Remember one thing, the engineer is responsible for the fire, even if he does not make it. He must therefore know when a fire is good and when it is bad, why and what to do.
We shall, however, describe two styles of fire, the thoroughly bad and the thoroughly good. All intermediate grades every man must learn for himself.
How To Build a Bad Fire.
Pile your coal up in the shape of a cone, by shoveling all the coal into the middle of the fire box, and putting as little on the sides as you possibly can.
Such a fire possesses the following characteristics: Uncertainty as regards steam making, positive certainty as regards the destruction of fire boxes and tubes. It generally draws air at the walls of the fire-box, and in consequence, the fire-irons are always in the fire, knocking it about and wasting the fuel.

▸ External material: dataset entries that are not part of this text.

Lemma lsum_map {A B} (g : B -> R) (h : A -> B) l : lsum g (map h l) = lsum (fun a => g (h a)) l.
Proof. induction l as [|a l IH]; simpl; [lra|]. rewrite IH; lra. Qed.

Lemma lsum_ext {A} (g h : A -> R) l : (forall a, In a l -> g a = h a) -> lsum g l = lsum h l.
Proof.
  induction l as [|a l IH]; intros H; simpl; [lra|].
  rewrite H by (left; reflexivity). rewrite IH; [reflexivity|].
  intros b Hb; apply H; right; exact Hb.
Qed.

Lemma lsum_filter_split {A} (g : A -> R) (P : A -> bool) l :
  lsum g l = lsum g (filter P l) + lsum g (filter (fun a => negb (P a)) l).
Proof. induction l as [|a l IH]; simpl; [lra|]. destruct (P a); simpl; lra. Qed.

Lemma lsum_incl {A} (g : A -> R) l1 l2 :
  (forall a, 0 <= g a) -> NoDup l1 -> incl l1 l2 -> lsum g l1 <= lsum g l2.
Proof.
  intros Hg Hnd; revert l2; induction Hnd as [|a l1 Ha Hnd IH]; intros l2 Hi; simpl.
  - apply lsum_nonneg; auto.
  - destruct (in_split a l2) as [B1 [B2 ->]]; [apply Hi; left; auto|].
    assert (Hrest : lsum g l1 <= lsum g (B1 ++ B2)).
    { apply IH. intros x Hx. destruct (in_app_or B1 (a :: B2) x) as [H|[H|H]];
        [apply Hi; right; auto|apply in_or_app; auto|congruence|apply in_or_app; auto]. }
    rewrite lsum_app in *. simpl. lra.
Qed.

Lemma lsum_In_le {A} (g : A -> R) l a : (forall b, 0 <= g b) -> In a l -> g a <= lsum g l.
Proof.
  intros Hg; induction l as [|c l IH]; simpl; [tauto|]. intros [->|H].
  - pose proof (lsum_nonneg g l Hg); lra.
  - specialize (IH H). specialize (Hg c); lra.
Qed.

Lemma nnsum_le_bound_nonneg {A} (g : A -> R) C : nnsum_le g C -> 0 <= C.
Proof. intros H. exact (H [] (NoDup_nil _)). Qed.

Lemma nnsum_le_mono {A} (g h : A -> R) C :
  (forall a, g a <= h a) -> nnsum_le h C -> nnsum_le g C.
Proof. intros Hgh Hh l Hl. eapply Rle_trans; [apply lsum_le, Hgh|apply Hh, Hl]. Qed.

Lemma nnsum_le_plus {A} (g h : A -> R) C D :
  nnsum_le g C -> nnsum_le h D -> nnsum_le (fun a => g a + h a) (C + D).
Proof. intros Hg Hh l Hl. rewrite lsum_plus. specialize (Hg l Hl); specialize (Hh l Hl); lra. Qed.

Lemma nnsum_le_scal {A} (g : A -> R) k C :
  0 <= k -> nnsum_le g C -> nnsum_le (fun a => k * g a) (k * C).
Proof. intros Hk Hg l Hl. rewrite lsum_scal. apply Rmult_le_compat_l; auto. Qed.

Lemma nnsum_le_swap {X} (g : X * X -> R) C :
  nnsum_le g C -> nnsum_le (fun p => g (snd p, fst p)) C.
Proof.
  intros Hg l Hl. rewrite <- (lsum_map g (fun p => (snd p, fst p))). apply Hg.
  apply Injective_map_NoDup; auto. intros [a b] [c d] E; inversion E; auto.
Qed.

Lemma nnsum_le_row {X} (g : X * X -> R) C x :
  nnsum_le g C -> nnsum_le (fun y => g (x, y)) C.
Proof.
  intros Hg l Hl. rewrite <- (lsum_map g (fun y => (x, y))). apply Hg.
  apply Injective_map_NoDup; auto. intros u v E; inversion E; auto.
Qed.

Lemma nnsum_le_reindex {X} (idx : X -> nat) (h : nat -> R) A :
  (forall x y, idx x = idx y -> x = y) -> (forall k, 0 <= h k) ->
  (forall N, lsum h (seq 0 N) <= A) -> nnsum_le (fun x => h (idx x)) A.
Proof.
  intros Hinj Hh HA K HK. rewrite <- (lsum_map h idx).
  eapply Rle_trans; [|apply (HA (S (list_max (map idx K))))].
  apply lsum_incl; auto.
  - apply Injective_map_NoDup; auto.
  - intros k Hk. apply in_seq. split; [lia|].
    pose proof (proj1 (list_max_le (map idx K) _) (le_n _)) as Hmax.
    rewrite Forall_forall in Hmax. specialize (Hmax k Hk). lia.
Qed.

Definition is_sum {A} (g : A -> R) (c : R) : Prop :=
  nnsum_le g c /\ forall c', nnsum_le g c' -> c <= c'.

Lemma is_sum_exists {A} (g : A -> R) : nn_summable g -> exists c, is_sum g c.
Proof.
  intros [C HC].
  destruct (completeness (fun r => exists l, NoDup l /\ r = lsum g l)) as [c [Hub Hlub]].
  - exists C. intros r [l [Hl ->]]. apply HC, Hl.
  - exists 0, []. split; [constructor|reflexivity].
  - exists c. split.
    + intros l Hl. apply Hub. eauto.
    + intros c' Hc'. apply Hlub. intros r [l [Hl ->]]. apply Hc', Hl.
Qed.

Definition classic_eq_dec {X} (x y : X) : {x = y} + {x <> y} :=
  excluded_middle_informative (x = y).

Lemma pairs_le_rows {X} (g : X * X -> R) (M : X -> R) :
  (forall x, nnsum_le (fun y => g (x, y)) (M x)) ->
  forall K P, NoDup P -> (forall p, In p P -> In (fst p) K) -> lsum g P <= lsum M K.
Proof.
  intros Hrow K; induction K as [|x K IH]; intros P HP HK; simpl.
  - destruct P as [|p P]; [simpl; lra|]. destruct (HK p (or_introl eq_refl)).
  - set (onrow := fun p : X * X => if classic_eq_dec (fst p) x then true else false).
    assert (Honrow : forall p, onrow p = true <-> fst p = x).
    { intros p; unfold onrow; destruct classic_eq_dec; split; congruence. }
    rewrite (lsum_filter_split g onrow P).
    assert (Hx : lsum g (filter onrow P) <= M x).
    { assert (Hfst : forall p, In p (filter onrow P) -> fst p = x).
      { intros p Hp. apply Honrow, (proj2 (proj1 (filter_In _ _ _) Hp)). }
      replace (lsum g (filter onrow P)) with (lsum (fun y => g (x, y)) (map snd (filter onrow P))).
      - apply Hrow. apply NoDup_map_NoDup_ForallPairs; [|apply NoDup_filter, HP].
        intros [a c] [a' c'] Hp Hp' E. simpl in E; subst.
        apply Hfst in Hp, Hp'. simpl in Hp, Hp'. subst. reflexivity.
      - rewrite lsum_map. apply lsum_ext. intros [a c] Hp. rewrite <- (Hfst _ Hp). reflexivity. }
    assert (Hrest : lsum g (filter (fun p => negb (onrow p)) P) <= lsum M K).
    { apply IH; [apply NoDup_filter, HP|]. intros p Hp.
      apply filter_In in Hp as [Hp Hneg].
      destruct (HK p Hp) as [E|]; auto.
      apply eq_sym, Honrow in E. rewrite E in Hneg. discriminate. }
    lra.
Qed.

Lemma nnsum_le_of_rows {X} (g : X * X -> R) (M : X -> R) C :
  (forall x, nnsum_le (fun y => g (x, y)) (M x)) -> nnsum_le M C -> nnsum_le g C.
Proof.
  intros Hrow HM P HP.
  eapply Rle_trans; [apply (pairs_le_rows g M Hrow (nodup classic_eq_dec (map fst P)))|].
  - exact HP.
  - intros p Hp. apply nodup_In, in_map, Hp.
  - apply HM, NoDup_nodup.
Qed.

Lemma rows_le_pairs {X} (g : X * X -> R) (m : X -> R) C :
  (forall x, is_sum (fun y => g (x, y)) (m x)) -> nnsum_le g C -> nnsum_le m C.
Proof.
  intros Hm Hg.
  assert (Hgen : forall K, NoDup K -> forall P, NoDup P ->
            (forall p, In p P -> ~ In (fst p) K) -> lsum g P + lsum m K <= C).
  { intros K HK; induction HK as [|a K Ha HK IH]; intros P HP HPK; simpl.
    - specialize (Hg P HP). lra.
    - assert (Hrow : nnsum_le (fun y => g (a, y)) (C - lsum g P - lsum m K)).
      { intros l Hl.
        assert (Hext : lsum g (P ++ map (fun y => (a, y)) l) + lsum m K <= C).
        { apply IH.
          - apply NoDup_app; auto.
            + apply Injective_map_NoDup; auto. intros u v E; inversion E; auto.
            + intros p Hp Hp'. apply in_map_iff in Hp' as [y [<- _]].
              apply (HPK _ Hp). left; reflexivity.
          - intros p Hp. apply in_app_or in Hp as [Hp|Hp].
            + intros Hin. apply (HPK _ Hp). right; exact Hin.
            + apply in_map_iff in Hp as [y [<- _]]. exact Ha. }
        rewrite lsum_app, lsum_map in Hext. lra. }
      pose proof (proj2 (Hm a) _ Hrow). lra. }
  intros K HK. specialize (Hgen K HK [] (NoDup_nil _) ltac:(simpl; tauto)). simpl in Hgen. lra.
Qed.

(* Finite energy of [f] is summability of
   [pair_energy b (fun x y => Cmod (Csub (f x) (f y)))], and [s] is intrinsic
   for [m] when the row sums of [pair_energy b s] are bounded by [m]. *)
Definition pair_energy {X} (b d : X -> X -> R) (p : X * X) : R :=
  / 2 * (b (fst p) (snd p) * d (fst p) (snd p) ^ 2).

Lemma pair_energy_le {X} (b d1 d2 : X -> X -> R) p :
  (forall x y, 0 <= b x y) ->
  d1 (fst p) (snd p) ^ 2 <= d2 (fst p) (snd p) ^ 2 -> pair_energy b d1 p <= pair_energy b d2 p.
Proof.
  intros Hb H. unfold pair_energy. pose proof (Hb (fst p) (snd p)).
  apply Rmult_le_compat_l; [lra|]. apply Rmult_le_compat_l; auto.
Qed.

(* The energy of a sum of two distances is at most twice the sum of their
   energies, since (u + v)^2 <= 2 u^2 + 2 v^2. *)
Lemma energy_plus {X} (b d1 d2 : X -> X -> R) C1 C2 :
  (forall x y, 0 <= b x y) ->
  nnsum_le (pair_energy b d1) C1 -> nnsum_le (pair_energy b d2) C2 ->
  nnsum_le (pair_energy b (fun x y => d1 x y + d2 x y)) (2 * C1 + 2 * C2).
Proof.
  intros Hb H1 H2.
  apply (nnsum_le_mono _ (fun p => 2 * pair_energy b d1 p + 2 * pair_energy b d2 p)).
  - intros [x y]. unfold pair_energy; simpl. pose proof (Hb x y).
    pose proof (pow2_ge_0 (d1 x y - d2 x y)). nra.
  - apply nnsum_le_plus; apply nnsum_le_scal; auto; lra.
Qed.

(* A distance of finite energy is intrinsic with respect to the finite
   measure formed by its row energies. *)
Lemma intrinsic_measure_exists {X} (b s : X -> X -> R) :
  (forall x y, 0 <= b x y) -> nn_summable (pair_energy b s) ->
  exists m, is_measure m /\ nn_summable m /\ intrinsic b m s.
Proof.
  intros Hb [C HC].
  assert (Hrows : forall x, exists c, is_sum (fun y => pair_energy b s (x, y)) c).
  { intros x. apply is_sum_exists. exists C. apply nnsum_le_row, HC. }
  destruct (choice _ Hrows) as [m Hm].
  exists m. split; [|split].
  - intros x. exact (nnsum_le_bound_nonneg _ _ (proj1 (Hm x))).
  - exists C. exact (rows_le_pairs _ m C Hm HC).
  - intros x. exact (proj1 (Hm x)).
Qed.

As such fires are found in the center of the grate, they weigh down the bars and burn them out in the middle in short order. Lastly, the cold air being admitted into the fire-box up the sides instead of in the middle, comes in direct contact with the heated plates and stays, doing them a great deal of damage by causing contraction and expansion.
Take the best engine ever built and let an engineer run it awhile with these "haycock" fires, as they are called—and many do it—you will be sure to find the boiler subject to sudden leakage, either in the joints of the plates or in the stays, the tubes, or the foundation ring. Such engines are always in the repair shop, and because of bad firing and nothing else.
How to Build a Good Fire.
The good locomotive fire should maintain steam under all circumstances of load or weather, should consume its own smoke, should burn up every particle of good matter in the coal, or, in other words, capable of being worked to the highest point of economy.
Such a fire requires to be made at the beginning, and maintained in a form almost resembling the inside of a saucer, shallow and concave, with its thinnest part in the center.